周芒山赐给霍去病的口谕传遍后宫,很快引来一阵沸腾,或指责她不顾廉耻心机了得,或羡慕她青云而上,能近水楼台先得月。

人在无限接近美好的时候最是憧憬,真正要去面对一切的时候反而不知所措,周芒山亦是如此。

鸳鸾殿宫娥黄门二十多号人接踵而来,向周芒山道喜,小小的卧房塞满了人,鼎沸的声音萦绕在她耳边好些天。

周芒山勉强打起精神嬉笑应付,回到屋里则关起门来默默伤感,对李妍心存歉疚,也为自己将来的处境惆怅,到现在才渐渐明白了一个道理,爱一个人很容易,难的是要和他朝夕相处。

忽闻敲门声,周芒山昂首往外看了一眼,听出陈梦和吴丙的声音,赶忙起身去开门,请她们进来说话。
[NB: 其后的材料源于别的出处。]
Lemma atan_sub_le u v : v <= u -> atan u - atan v <= u - v.
Proof.
  intros Hvu. destruct (Req_dec u v) as [-> | Hne]; [lra|].
  destruct (MVT_cor1 atan v u derivable_pt_atan ltac:(lra)) as [c [Hc _]].
  rewrite Hc, derive_pt_atan.
  assert (Hc2 : 0 <= c²) by apply Rle_0_sqr.
  assert (1 / (1 + c²) <= 1) by (apply Rle_div_l; lra).
  assert (0 <= 1 / (1 + c²)) by (apply Rlt_le, Rdiv_lt_0_compat; lra).
  nra.
Qed.

Lemma psi2_gap_le alpha c s1 s2 :
  0 < alpha -> 0 <= c -> 0 <= s1 <= s2 -> psi2_gap alpha c s1 <= psi2_gap alpha c s2.
Proof.
  intros Ha Hc Hs. unfold psi2_gap.
  assert (Hpi := PI_RGT_0).
  assert (Hatan : atan (s2 / alpha) - atan (s1 / alpha) <= s2 / alpha - s1 / alpha)
    by (apply atan_sub_le; unfold Rdiv; apply Rmult_le_compat_r;
        [apply Rlt_le, Rinv_0_lt_compat |]; lra).
  assert (4 * alpha / PI * (atan (s2 / alpha) - atan (s1 / alpha))
          <= 4 * alpha / PI * (s2 / alpha - s1 / alpha))
    by (apply Rmult_le_compat_l; [apply Rlt_le, Rdiv_lt_0_compat |]; lra).
  assert (4 * alpha / PI * (s2 / alpha - s1 / alpha) = 4 * s2 / PI - 4 * s1 / PI)
    by (field; lra).
  assert (c * s1^2 <= c * s2^2) by (apply Rmult_le_compat_l; nra).
  lra.
Qed.

Lemma psi2_gap_continuous alpha c : continuity (psi2_gap alpha c).
Proof.
  intros x. unfold psi2_gap.
  apply continuity_pt_minus; [reg|].
  apply continuity_pt_mult; [reg|].
  apply (continuity_pt_comp (fun sigma => sigma / alpha) atan); [reg|].
  apply derivable_continuous_pt, derivable_pt_atan.
Qed.

Lemma psi2_sq alpha sigma delta : 0 < alpha -> 0 < sigma ->
  psi2 alpha (sigma^2) delta
  = / delta * ((1 - alpha)^2 + sigma^2 - 4 * sigma / PI
               + 4 * alpha / PI * atan (sigma / alpha)).
Proof.
  intros Ha Hs. assert (Hpi := PI_RGT_0).
  unfold psi2, atan_ratio. rewrite sqrt_pow2 by lra.
  destruct (Req_EM_T sigma 0) as [| _]; [lra|].
  replace (alpha / sigma) with (/ (sigma / alpha)) by (field; lra).
  rewrite atan_inv by (apply Rdiv_lt_0_compat; lra).
  f_equal. field. apply PI_neq0.
Qed.

Lemma psi2_fixed_point_iff alpha delta sigma : 0 < alpha -> 0 < sigma -> 0 < delta ->
  sigma^2 = psi2 alpha (sigma^2) delta <-> psi2_gap alpha (delta - 1) sigma = 0.
Proof.
  intros Ha Hs Hd. rewrite psi2_sq by assumption. unfold psi2_gap.
  split; intros H.
  - apply (Rmult_eq_compat_l delta) in H. rewrite <- Rmult_assoc, Rinv_r in H by lra. lra.
  - apply (Rmult_eq_reg_l delta); [| lra]. rewrite <- Rmult_assoc, Rinv_r by lra. lra.
Qed.
Lemma transport_polytope_diam P Q : D P -> D Q -> frob (Q - P) (Q - P) <= 2.
Proof.
move=> DP DQ; rewrite -[2]/(1 + 1) -{1}(transport_polytope_sum DP).
rewrite -{1}(transport_polytope_sum DQ) -big_split; apply: ler_sum => i _.
rewrite -big_split; apply: ler_sum => j _ /=; rewrite !mxE.
have := transport_polytope_le1 i j DP; have := transport_polytope_le1 i j DQ.
have := DP.1 i j; have := DQ.1 i j; nra.
Qed.

End TransportPolytope.

Section Curvature.
Local Open Scope classical_set_scope.
Variables (R : realType) (n m L : nat) (eta : R) (C : 'I_L -> 'M[R]_(n, m)).
Variable D : set 'M[R]_(n, m).
Local Notation G := (G_eta eta C).
Local Notation M := (M_grad eta C).

Definition curvature_set : set R :=
  [set x : R | exists P Ph (g : R), [/\ D P, D Ph, 0 < g, g <= 1 &
     x = 2 / g ^+ 2 * (G (P + g *: (Ph - P)) - G P - frob (P + g *: (Ph - P) - P) (M P))]].

Lemma curvature_constE : curvature_const eta C D = sup curvature_set.
Proof. by []. Qed.

Lemma curvature_set_le_diam (lam d : R) : 0 < eta -> (0 < L)%N -> 0 <= lam ->
  (forall V, \sum_(l < L) frob V (C l) ^+ 2 <= lam * frob V V) ->
  (forall P Q, D P -> D Q -> frob (Q - P) (Q - P) <= d) ->
  forall x, curvature_set x -> x <= lam * d / eta.
Proof.
move=> eta_gt0 L_gt0 lam_ge0 gram diam _ [P [Ph [g [DP DPh g_gt0 _ ->]]]].
have := G_eta_smooth C eta_gt0 L_gt0 P (P + g *: (Ph - P)).
rewrite [P + _]addrC addrK; under eq_bigr do rewrite frobZl exprMn.
rewrite -mulr_sumr frobZl => smooth.
have := gram (Ph - P); have := diam _ _ DP DPh.
set S := \sum_(l < L) _ in smooth *; set V2 := frob _ _ => V2_le S_le.
have g2_gt0 : 0 < g ^+ 2 by rewrite exprn_gt0.
have S_le' : g ^+ 2 * (S / eta) <= g ^+ 2 * (lam * d / eta).
  apply: ler_wpM2l; first exact: ltW.
  apply: ler_wpM2r; first by rewrite invr_ge0 ltW.
  exact: le_trans S_le (ler_wpM2l lam_ge0 V2_le).
rewrite (_ : 2^-1 / eta * _ = 2^-1 * (g ^+ 2 * (S / eta))) in smooth; last by ring.
rewrite -(ler_pM2l g2_gt0) mulrA mulrCA divff ?gt_eqF // mulr1; lra.
Qed.
Lemma mins_eq (B : {set U}) a : (forall i : U, i \in B -> a <= i) -> memn B a -> mins B = a.
Proof.
move=> lb /memnP[y By ya]; have B_ne0 : B != set0 by apply/set0Pn; exists y.
by have [z Bz zE] := mins_mem B_ne0; have := mins_leq By; have := lb z Bz; lia.
Qed.

Lemma memn0 (B : {set U}) : ord0 \in B -> memn B 0.
Proof. by rewrite -memnE. Qed.

Lemma segment_bounds a c : a <= c <= n -> mins (segment a c) = a /\ maxs (segment a c) = c.
Proof.
move=> le_acn; split; [apply: mins_eq | apply: maxs_eq] => [i||i|];
  rewrite ?in_segment ?memn_setn; lia.
Qed.

Lemma memn_bounds (B : {set U}) x : memn B x -> mins B <= x <= maxs B.
Proof. by case/memnP=> y By <-; rewrite mins_leq // leq_maxs. Qed.

Lemma sumset_eqI (B D C : {set U}) :
  (forall b d : U, b \in B -> d \in D -> memn C (b + d)) ->
  (forall c : U, c \in C -> exists b : U, exists2 d : U, b \in B /\ d \in D & b + d = c) ->
  sumset_eq B D C.
Proof.
move=> sum_in split_in; apply/andP; split.
  apply/forallP => b; apply/implyP => Bb; apply/forallP => d; apply/implyP => Dd.
  by case/andP: (sum_in b d Bb Dd).
apply/forallP => c; apply/eqP; apply/idP/idP => [/split_in[b [d [Bb Dd] <-]]|].
  by apply/existsP; exists b; rewrite Bb; apply/existsP; exists d; rewrite Dd /=.
case/existsP => b /andP[Bb /existsP[d /andP[Dd /eqP bdc]]].
by rewrite -memnE -bdc sum_in.
Qed.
周芒山默默无言抱膝坐在地上,头埋得很低,看起来无精打采,陈梦和吴丙见她郁郁寡欢,一左一右坐下来开导她。

“你素来仰慕冠军侯,现已如愿以偿,怎么还闷闷不乐呢?”陈梦轻抚她不知是泪水还是汗水打湿的发丝,满眼都是怜惜地笑问。

吴丙看她心事重重不肯说话,微讽笑道:“人家都说近乡情怯,我看芒山八成是近郎情更怯。”

被打趣后周芒山终于有了反应,强忍娇羞扁了扁嘴,摇头坚决否认:“我没有。”

欲言又止,三人皆是离愁别绪。陈梦握住她的手叹息:“你这一走,不知何时才能再相见。”

“阿梦说的没错。”吴丙怅然感慨:“以后你就是冠军侯的人了。”

“两位姐姐待我亲厚,多年来悉心关照,胜似亲生姐妹。不论身在何处,我都不会忘记两位姐姐的深情厚谊。”周芒山一扫忸怩之态,郑重表明心迹,向她们谦恭揖礼。

陈梦吴丙不敢受其礼,连忙起身扶她,叮嘱她不要忘记去向夫人磕头,周芒山含泪应下,陈梦掏出布帕为她拭去眼角泪花,和吴丙默契的眼神一碰,不约而同从袖口取出两支银饰赠予周芒山。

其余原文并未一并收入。